How we chase away investors

investor

Overzealous application of anti-money laundering laws may inadvertently lead to diversion of transactions from more to less transparent channels.

Photo credit: Shutterstock

Famous US-based Nigerian serial technology entrepreneur Olubukunmi Olufemu Damuren was recently in Nairobi for the inauguration of President William Ruto. Mr Damuren and his compatriot, Mr Eghosare Nahikhare, are the ultimate beneficial owners of RemX Capital Ltd, OIT Africa Ltd, Multigate Ltd and Pumicells Ltd, the companies, which own cash remittance platforms serving a lucrative remittance corridor linking mainly diaspora Nigerians to their country from bank accounts based in Kenya.

The four firms, which had been under investigations by anti-money laundering agencies, were recently cleared by the High Court. A total of Sh52 billion that had been frozen in their bank accounts for more than six months was defrosted.

When I caught up with him at a hotel lobby in Nairobi last week, Mr Damuren was more than eager to ventilate on a range of issues. These include his harrowing experience of enduring six months at the hands of Kenya’s criminal and anti-money laundering agencies, the political context and backdrop against which the probe was being conducted, disruption of business for six months and reputation damage and risk which the four companies were exposed to, and whether the four payment and remittance businesses had a chance of recovering.

Credible banks

Mr Damuren summed up his tribulations thus: You have been doing business in a country uninterrupted for a whole two years. Your business does not involve cash because all payments are done electronically, where all transactions can be tracked and traced. You have entered into payment collection agreements with big and credible banks in Kenya to enable you to ride on their online collection gateways for collections.

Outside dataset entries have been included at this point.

(* There exists a constant $c>0$ not depending on $n$ such that $\theta_n(B_n)>c\sqrt n$ for all $n\in\mathbb{N}$. In particular this holds with $$c=\frac{\sqrt[3]{\pi}}{\sqrt{12e}\cdot\sqrt[6]{3}}=0.2135\ldots$$
   Context: $B_n=\{x\in\mathbb{R}^n:\|x\|\le1\}$ (Euclidean norm). $C(B_n)$ is the space of continuous real functions on $B_n$ with the max norm; $\Pi_1(\mathbb{R}^n)$ is the set of polynomials in $n$ variables of degree at most $1$. For a nondegenerate simplex $S\subset B_n$ with vertices $x^{(1)},\dots,x^{(n+1)}$, the corresponding interpolation projector $P:C(B_n)\to\Pi_1(\mathbb{R}^n)$ is defined by $Pf(x^{(j)})=f(x^{(j)})$, and $\|P\|_{B_n}$ is its operator norm on $C(B_n)$ (equivalently $\max_{x\in B_n}\sum_j|\lambda_j(x)|$ with $\lambda_j(x)$ the barycentric coordinates of $x$ with respect to $S$). $\theta_n(B_n)$ is the minimal value of $\|P\|_{B_n}$ over all nondegenerate simplices with vertices in $B_n$. *)

From HB Require Import structures.
From mathcomp Require Import all_boot all_order all_algebra.
From mathcomp Require Import all_classical all_reals all_analysis.
Set Implicit Arguments. Unset Strict Implicit. Unset Printing Implicit Defensive.
Import Order.TTheory GRing.Theory Num.Theory.
Local Open Scope classical_set_scope.
Local Open Scope ring_scope.

Section Defs.
Variable R : realType.

Definition in_ball (n : nat) (x : 'rV[R]_n) : Prop :=
  \sum_(i < n) (x ord0 i) ^+ 2 <= 1.

Definition is_bary (n : nat) (S : 'I_n.+1 -> 'rV[R]_n) (x : 'rV[R]_n)
    (l : 'I_n.+1 -> R) : Prop :=
  \sum_(j < n.+1) l j = 1 /\ \sum_(j < n.+1) l j *: S j = x.

Definition nondegenerate (n : nat) (S : 'I_n.+1 -> 'rV[R]_n) : Prop :=
  forall mu : 'I_n.+1 -> R,
    \sum_(j < n.+1) mu j = 0 -> \sum_(j < n.+1) mu j *: S j = 0 ->
    forall j, mu j = 0.

Definition proj_norm (n : nat) (S : 'I_n.+1 -> 'rV[R]_n) : R :=
  sup [set s : R | exists (x : 'rV[R]_n) (l : 'I_n.+1 -> R),
         in_ball x /\ is_bary S x l /\ s = \sum_(j < n.+1) `|l j|].

Definition theta (n : nat) : R :=
  inf [set p : R | exists S : 'I_n.+1 -> 'rV[R]_n,
         (forall j, in_ball (S j)) /\ nondegenerate S /\ p = proj_norm S].

Definition c_const : R :=
  pi `^ (3^-1) / (Num.sqrt (12 * expR 1) * 3 `^ (6^-1)).

End Defs.

(** The barycentric coordinates of a nondegenerate simplex are affine,
    [lambda_j(x) = b_j + <x, a_j>].  For two vertices [x^(j)], [x^(k)] we have
    [<x^(j) - x^(k), a_j> = 1] with [|x^(j) - x^(k)| <= 2], so every gradient
    satisfies [|a_j| >= 1/2].  Choosing the signs [e_j = +-1] greedily gives
    [|sum_j e_j a_j|^2 >= sum_j |a_j|^2 >= (n+1)/4], and at a suitable unit
    vector [x] the affine function [sum_j e_j lambda_j] has absolute value at
    least [|sum_j e_j a_j|].  Hence [||P|| >= sqrt(n+1)/2] for every simplex,
    and the explicit constant is smaller than [1/2]. *)
From Pilot Require Import Defs.
From HB Require Import structures.
From mathcomp Require Import all_boot all_order all_algebra.
From mathcomp Require Import all_classical all_reals all_analysis.
From mathcomp Require Import ring lra.
Import Order.TTheory GRing.Theory Num.Theory.
Local Open Scope ring_scope.

Lemma exists_signs_sum_sqr_le {R : realFieldType} {I : finType} {m}
    (a : 'I_m -> I -> R) :
  exists e : 'I_m -> R, (forall k, `|e k| = 1) /\
    \sum_k \sum_i a k i ^+ 2 <= \sum_i (\sum_k e k * a k i) ^+ 2.
Proof.
elim: m a => [|m IHm] a.
  exists (fun=> 1); split=> [k|]; first exact: normr1.
  by rewrite big_ord0; apply: sumr_ge0 => i _; exact: sqr_ge0.
have [e [e_sign le_e]] := IHm (fun k => a (lift ord0 k)).
pose v i := \sum_k e k * a (lift ord0 k) i.
pose d := \sum_i v i * a ord0 i.
pose s : R := if 0 <= d then 1 else -1.
have s_sqr : s ^+ 2 = 1 by rewrite /s; case: ifP; rewrite ?sqrrN expr1n.
have sd_ge0 : 0 <= s * d.
  by rewrite /s; case: (leP 0 d) => [|/ltW] d0; rewrite ?mul1r // mulN1r oppr_ge0.
exists (fun k => if unlift ord0 k is Some k' then e k' else s); split.
  move=> k; case: unlift => [k'|] //.
  by rewrite /s; case: ifP; rewrite ?normrN normr1.
have sum_recl i : \sum_k (if unlift ord0 k is Some k' then e k' else s) * a k i
                  = s * a ord0 i + v i.
  rewrite big_ord_recl unlift_none; congr (_ + _).
  by apply: eq_bigr => k _; rewrite liftK.
rewrite (eq_bigr _ (fun i _ => congr1 (fun t => t ^+ 2) (sum_recl i))).
have -> : \sum_i (s * a ord0 i + v i) ^+ 2
          = \sum_i a ord0 i ^+ 2 + \sum_i v i ^+ 2 + 2 * (s * d).
  rewrite /d mulr_sumr mulr_sumr -!big_split /=; apply: eq_bigr => i _.
  by rewrite sqrrD exprMn s_sqr; ring.
rewrite big_ord_recl /=; lra.
Qed.

Lemma sum_sqr_ge_of_dot_eq1 (R : realFieldType) (I : finType) (u w : I -> R) :
  \sum_i u i * w i = 1 -> \sum_i u i ^+ 2 <= 4 -> 1 / 4 <= \sum_i w i ^+ 2.
Proof.
move=> uw1 u_le4.
have : \sum_i u i * w i <= \sum_i (u i ^+ 2 / 8 + 2 * w i ^+ 2).
  by apply: ler_sum => i _; have := sqr_ge0 (w i - u i / 4); nra.
rewrite big_split /= -mulr_suml -mulr_sumr uw1; lra.
Qed.

Section Ball.
Context {R : realType} {n : nat}.

Lemma in_ball_coord_le1 (x : 'rV[R]_n) i : in_ball x -> `|x 0 i| <= 1.
Proof.
move=> x_ball; rewrite -(expr_le1 (n := 2)) // real_normK ?num_real //.
apply: le_trans x_ball; rewrite (bigD1 i) //= lerDl.
by apply: sumr_ge0 => *; exact: sqr_ge0.
Qed.

Lemma in_ball_sum_sqr_sub_le4 (x y : 'rV[R]_n) :
  in_ball x -> in_ball y -> \sum_i (x 0 i - y 0 i) ^+ 2 <= 4.
Proof.
rewrite /in_ball => x_ball y_ball.
apply: (@le_trans _ _ (\sum_i (2 * x 0 i ^+ 2 + 2 * y 0 i ^+ 2))).
  by apply: ler_sum => i _; have := sqr_ge0 (x 0 i + y 0 i); nra.
rewrite big_split /= -!mulr_sumr; lra.
Qed.

Lemma exists_in_ball_affine_ge (b : R) (v : 'I_n -> R) :
  exists x : 'rV[R]_n, in_ball x /\
    Num.sqrt (\sum_i v i ^+ 2) <= `|b + \sum_i x 0 i * v i|.
Proof.
set r := Num.sqrt _.
have r_sqr : r ^+ 2 = \sum_i v i ^+ 2.
  by rewrite sqr_sqrtr //; apply: sumr_ge0 => i _; exact: sqr_ge0.
have [->|r_neq0] := eqVneq r 0.
  exists 0; split; last exact: normr_ge0.
  by rewrite /in_ball big1 // => i _; rewrite mxE expr0n.
have r_gt0 : 0 < r by rewrite lt_def r_neq0 sqrtr_ge0.
pose s : R := if 0 <= b then 1 else -1.
exists (\row_i (s / r * v i)); split.
  rewrite /in_ball; under eq_bigr do rewrite mxE exprMn.
  rewrite -mulr_sumr -r_sqr -exprMn divfK // /s.
  by case: ifP; rewrite ?sqrrN expr1n.
have -> : \sum_i (\row_i (s / r * v i)) 0 i * v i = s * r.
  under eq_bigr do rewrite mxE -mulrA -expr2.
  by rewrite -mulr_sumr -r_sqr expr2 mulrA divfK.
rewrite /s; case: (leP 0 b) => b0.
  by rewrite mul1r ger0_norm; lra.
by rewrite mulN1r ler0_norm; lra.
Qed.

End Ball.

Section Barycentric.
Variables (R : realType) (n : nat) (S : 'I_n.+1 -> 'rV[R]_n).

Definition vertex_mx : 'M[R]_n.+1 :=
  row_mx (const_mx 1 : 'cV_n.+1) (\matrix_j S j).

Lemma mul_vertex_mx (u : 'rV[R]_n.+1) :
  u *m vertex_mx = row_mx (\sum_j u 0 j)%:M (\sum_j u 0 j *: S j) :> 'rV_(1 + n).
Proof.
apply: (etrans (mul_mx_row u _ _)); congr row_mx.
  apply/rowP => i; rewrite ord1 !mxE eqxx mulr1n.
  by apply: eq_bigr => j _; rewrite mxE mulr1.
by rewrite mulmx_sum_row; apply: eq_bigr => j _; rewrite rowK.
Qed.

Lemma is_bary_mulmx (l : 'I_n.+1 -> R) x :
  is_bary S x l <-> (\row_j l j) *m vertex_mx = row_mx 1 x.
Proof.
have row_lE j : (\row_j l j) 0 j = l j by rewrite mxE.
rewrite mul_vertex_mx (eq_bigr _ (fun j _ => row_lE j)).
rewrite (eq_bigr (fun j => l j *: S j)) => [|j _]; last by rewrite row_lE.
split=> [[-> <-] // | /(@eq_row_mx _ 1 1 n)[/rowP/(_ 0) l1 lx]].
by split=> //; move: l1; rewrite !mxE.
Qed.

(* Unqualified, [nondegenerate] would resolve to the notion for bilinear forms. *)
Hypothesis S_nd : Defs.nondegenerate S.

Lemma vertex_mx_unit : vertex_mx \in unitmx.
Proof.
rewrite -row_free_unit -kermx_eq0; apply/eqP/row_matrixP => i.
set mu := row i (kermx vertex_mx).
have : mu *m vertex_mx = row_mx 0 0 :> 'rV_(1 + n).
  by rewrite -row_mul mulmx_ker row0 row_mx0.
rewrite mul_vertex_mx => /(@eq_row_mx _ 1 1 n)[/rowP/(_ 0) mu_sum mu_S].
apply/rowP => j; rewrite row0 [RHS]mxE; apply: (S_nd (fun j => mu 0 j) _ mu_S).
by move: mu_sum; rewrite !mxE.
Qed.

Definition bary (x : 'rV[R]_n) : 'rV[R]_n.+1 := row_mx 1 x *m invmx vertex_mx.

Lemma is_bary_bary x : is_bary S x (fun j => bary x 0 j).
Proof.
apply/is_bary_mulmx; rewrite (_ : \row_j _ = bary x).
  by rewrite mulmxKV // vertex_mx_unit.
by apply/rowP => j; rewrite mxE.
Qed.

Lemma is_bary_eq_bary x l : is_bary S x l -> forall j, l j = bary x 0 j.
Proof.
by move/is_bary_mulmx => lS j; rewrite /bary -lS mulmxK ?vertex_mx_unit // mxE.
Qed.

Lemma bary_vertex k j : bary (S k) 0 j = (j == k)%:R.
Proof.
symmetry; apply: (@is_bary_eq_bary _ (fun j => (j == k)%:R)); split.
  by rewrite (bigD1 k) //= eqxx big1 ?addr0 // => i /negPf ->.
by rewrite (bigD1 k) //= eqxx scale1r big1 ?addr0 // => i /negPf ->; rewrite scale0r.
Qed.

Definition bary_offset : 'rV[R]_n.+1 :=
  usubmx (invmx vertex_mx : 'M[R]_(1 + n, n.+1)).
Definition bary_grad : 'M[R]_(n, n.+1) :=
  dsubmx (invmx vertex_mx : 'M[R]_(1 + n, n.+1)).

Lemma baryE x j : bary x 0 j = bary_offset 0 j + \sum_i x 0 i * bary_grad i j.
Proof.
rewrite /bary.
have -> : invmx vertex_mx = col_mx bary_offset bary_grad by rewrite vsubmxK.
by rewrite mul_row_col mul1mx !mxE.
Qed.

Hypothesis S_ball : forall j, in_ball (S j).

Lemma sum_sqr_bary_grad_ge (n_gt0 : (0 < n)%N) j :
  1 / 4 <= \sum_i bary_grad i j ^+ 2.
Proof.
pose k := lift j (Ordinal n_gt0).
apply: (@sum_sqr_ge_of_dot_eq1 _ _ (fun i => S j 0 i - S k 0 i)); last first.
  exact: in_ball_sum_sqr_sub_le4.
have := bary_vertex j j; have := bary_vertex k j.
rewrite !baryE eqxx (negPf (neq_lift _ _)) /= => bary_k bary_j.
rewrite (eq_bigr _ (fun i _ => mulrBl _ _ _)) sumrB; lra.
Qed.

Lemma sum_abs_bary_le_proj_norm x :
  in_ball x -> \sum_j `|bary x 0 j| <= proj_norm S.
Proof.
move=> x_ball; apply: ub_le_sup; last first.
  by exists x, (fun j => bary x 0 j); split; [|split; [exact: is_bary_bary|]].
exists (\sum_j (`|bary_offset 0 j| + \sum_i `|bary_grad i j|)).
move=> _ [y [l [y_ball [/is_bary_eq_bary l_bary ->]]]].
apply: ler_sum => j _; rewrite l_bary baryE.
apply: (le_trans (ler_normD _ _)); rewrite lerD2l.
apply: (le_trans (ler_norm_sum _ _ _)); apply: ler_sum => i _.
by rewrite normrM ler_piMl ?normr_ge0 ?in_ball_coord_le1.
Qed.

Lemma exists_in_ball_sum_abs_bary_ge (n_gt0 : (0 < n)%N) :
  exists2 x, in_ball x & Num.sqrt n.+1%:R / 2 <= \sum_j `|bary x 0 j|.
Proof.
have [e [e_sign grad_sum_le]] :=
  exists_signs_sum_sqr_le (fun j i => bary_grad i j).
pose v i := \sum_j e j * bary_grad i j.
have [x [x_ball v_le]] :=
  exists_in_ball_affine_ge (\sum_j e j * bary_offset 0 j) v.
exists x => //.
have sum_e_bary : \sum_j e j * bary x 0 j
                  = \sum_j e j * bary_offset 0 j + \sum_i x 0 i * v i.
  under eq_bigr do rewrite baryE mulrDr.
  rewrite big_split /=; congr (_ + _).
  under [RHS]eq_bigr do rewrite mulr_sumr.
  rewrite exchange_big /=; apply: eq_bigr => j _; rewrite mulr_sumr.
  by apply: eq_bigr => i _; ring.
have v_large : n.+1%:R / 4 <= \sum_i v i ^+ 2.
  apply: le_trans grad_sum_le.
  apply: (le_trans _ (ler_sum _ (fun j _ => sum_sqr_bary_grad_ge n_gt0 j))).
  by rewrite sumr_const card_ord -mulr_natr; lra.
have sqrt_le : Num.sqrt n.+1%:R / 2 <= Num.sqrt (\sum_i v i ^+ 2).
  rewrite -ler_sqr ?nnegrE ?divr_ge0 ?sqrtr_ge0 // exprMn !sqr_sqrtr ?ler0n //.
    by apply: le_trans v_large; rewrite expr2; lra.
  by apply: sumr_ge0 => i _; exact: sqr_ge0.
apply: (le_trans sqrt_le); apply: (le_trans v_le).
rewrite -sum_e_bary; apply: (le_trans (ler_norm_sum _ _ _)).
by apply: ler_sum => j _; rewrite normrM e_sign mul1r.
Qed.

Lemma proj_norm_ge_sqrt (n_gt0 : (0 < n)%N) :
  Num.sqrt n.+1%:R / 2 <= proj_norm S.
Proof.
have [x x_ball le_sum] := exists_in_ball_sum_abs_bary_ge n_gt0.
exact: (le_trans le_sum (sum_abs_bary_le_proj_norm _ x_ball)).
Qed.

End Barycentric.

Section StandardSimplex.
Context {R : realType} {n : nat}.

Definition std_simplex : 'I_n.+1 -> 'rV[R]_n :=
  fun j => \row_i (j == lift ord0 i)%:R.

Lemma in_ball_std_simplex j : in_ball (std_simplex j).
Proof.
rewrite /in_ball; under eq_bigr do rewrite mxE.
case: (unliftP ord0 j) => [i ->|->]; last first.
  by rewrite big1 // => i _; rewrite (negPf (neq_lift _ _)) expr0n.
rewrite (bigD1 i) //= eqxx expr1n big1 ?addr0 // => i' i'_neq.
by rewrite (inj_eq lift_inj) eq_sym (negPf i'_neq) expr0n.
Qed.

Lemma std_simplex_nondegenerate : Defs.nondegenerate std_simplex.
Proof.
move=> mu sum_mu sum_mu_S.
have mu_lift i : mu (lift ord0 i) = 0.
  move/rowP/(_ i): sum_mu_S.
  rewrite summxE mxE (bigD1 (lift ord0 i)) //= !mxE eqxx.
  rewrite big1 => [|j /negPf j_neq]; last by rewrite !mxE j_neq mulr0.
  by rewrite mulr1 addr0.
have mu_0 : mu ord0 = 0.
  by move: sum_mu; rewrite big_ord_recl big1 ?addr0 // => i _; rewrite mu_lift.
by move=> j; case: (unliftP ord0 j) => [i ->|->].
Qed.

End StandardSimplex.

Lemma theta_ge_sqrt (R : realType) n :
  (0 < n)%N -> Num.sqrt n.+1%:R / 2 <= theta R n.
Proof.
move=> n_gt0; apply: lb_le_inf.
  exists (proj_norm (@std_simplex R n)), std_simplex.
  split; first exact: in_ball_std_simplex.
  by split; first exact: std_simplex_nondegenerate.
by move=> _ [S [S_ball [S_nd ->]]]; exact: proj_norm_ge_sqrt.
Qed.

Lemma c_const_gt0 (R : realType) : 0 < c_const R.
Proof.
apply: divr_gt0; first exact/powR_gt0/pi_gt0.
by rewrite mulr_gt0 ?powR_gt0 // sqrtr_gt0 mulr_gt0 ?expR_gt0.
Qed.

Lemma c_const_lt_half (R : realType) : c_const R < 1 / 2.
Proof.
have cbrt_pi_lt2 : pi `^ 3^-1 < 2 :> R.
  have -> : 2 = 8 `^ 3^-1 :> R.
    have -> : 8 = 2 `^ 3%:R :> R by rewrite powR_mulrn // !exprS expr0; lra.
    by rewrite -powRrM mulfV // powRr1.
  have := @pi_ge0 R; have := @pihalf_lt2 R => pi_lt4 pi_ge0.
  by apply: gt0_ltr_powR; rewrite ?invr_gt0 ?qualifE //=; lra.
have sqrt_ge4 : 4 <= Num.sqrt (12 * expR 1) :> R.
  have e_ge2 : 2 <= expR 1 :> R by have := expR_ge1Dx (1 : R); lra.
  have -> : 4 = Num.sqrt (4 ^+ 2) :> R by rewrite sqrtr_sqr ger0_norm.
  by rewrite ler_sqrt ?expr2; lra.
have root6_ge1 : 1 <= 3 `^ 6^-1 :> R.
  by rewrite -[X in X <= _](powRr0 3) ler_powR ?invr_ge0; lra.
have := @powR_ge0 R pi 3^-1.
rewrite /c_const ltr_pdivrMr; last by rewrite mulr_gt0 ?powR_gt0; lra.
nra.
Qed.

Theorem theorem2 (R : realType) :
  (exists c : R, 0 < c /\ forall n : nat, (1 <= n)%N -> c * Num.sqrt n%:R < theta R n)
  /\ 0 < c_const R
  /\ forall n : nat, (1 <= n)%N -> c_const R * Num.sqrt n%:R < theta R n.
Proof.
have c_bound n : (1 <= n)%N -> c_const R * Num.sqrt n%:R < theta R n.
  move=> n_gt0; apply: lt_le_trans (theta_ge_sqrt R n n_gt0).
  have := c_const_lt_half R; have := c_const_gt0 R; have := sqrtr_ge0 (n%:R : R).
  have : Num.sqrt n%:R < Num.sqrt n.+1%:R :> R by rewrite ltr_sqrt ?ltr0n // ltr_nat.
  nra.
have c_gt0 := c_const_gt0 R.
by split; [exists (c_const R) | split].
Qed.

All payments are through commercial banks that are regulated and regularly inspected by the Central Bank of Kenya, and which must report all suspicious transactions to the Financial Reporting Centre.

Then you wake up one morning and you are told all your accounts have been frozen and that your companies are under investigation for money laundering. You are also accused of funding Dr Ruto’s campaign.

The local press has declared open season on you, publishing the allegations without nuance and inflating your alleged sins to biblical proportions. At one stage, the local press is awash with reports that your companies are under investigation by Interpol. But when Interpol writes to dispute that, you don’t hear another word in the media, even after the Directorate of Criminal Investigations (DCI) also confirms, in writing, that Interpol was not involved.

Six months later, the witch-hunt abruptly stops with the High Court declaring that no witches have been found. The DCI writes a letter stating: “I would like to confirm that the allegations of money laundering and card fraud made against the above entities and persons could not be established.” It  is followed by another from the Asset Recovery Agency (ARA) that says: “The Assets Recovery Agency hereby withdraws wholly the forfeiture applications on the company’s bank accounts.”

“Am I supposed to be happy that the courts have vindicated me?” Mr Damuren asked, the sarcasm undisguised. Mr Damuren said he was forced to source very expensive credit lines to complete payments during the six months his business was frozen. “Being accused of money laundering in the international financial space is like being accused of terrorism in the criminal justice space,” he remarked.

As we parted, several questions were in my mind. Is this a case of lack of skills and capacity in investigating complex digital transactions or a matter of overzealous application of anti- money laundering laws? Or is it a case of unintended consequences of enforcement of anti-money laundering laws and regulations?

Preventing money laundering is an imperative for banks. Yet the flip side is the risk of de-banking money transfer operators and disrupting activity in major remittance flow corridors. This is a big policy question for Kenya because remittances have in recent years surpassed tea, coffee, tourism and horticulture as our biggest foreign exchange earners.

Overzealous application of anti-money laundering laws may inadvertently lead to diversion of transactions from more to less transparent channels. Wholesale profiling of major diaspora remittance flow corridors must be avoided. Many Nigerian entities in the remittance space have been complaining of authorities here profiling them. An authoritative source informed me the other day that President Muhammadu Buhari himself made calls to Nairobi to intervene on behalf of Nigerian firms.

Several years ago in the UK, we saw a number of government agencies teaming up to save the Somali corridor of diaspora flows from collapse. In the US, legislators passed the Money Remittances Improvement Act in a bid to reduce the regulatory burden on money remittance platforms. There are major policy implications here.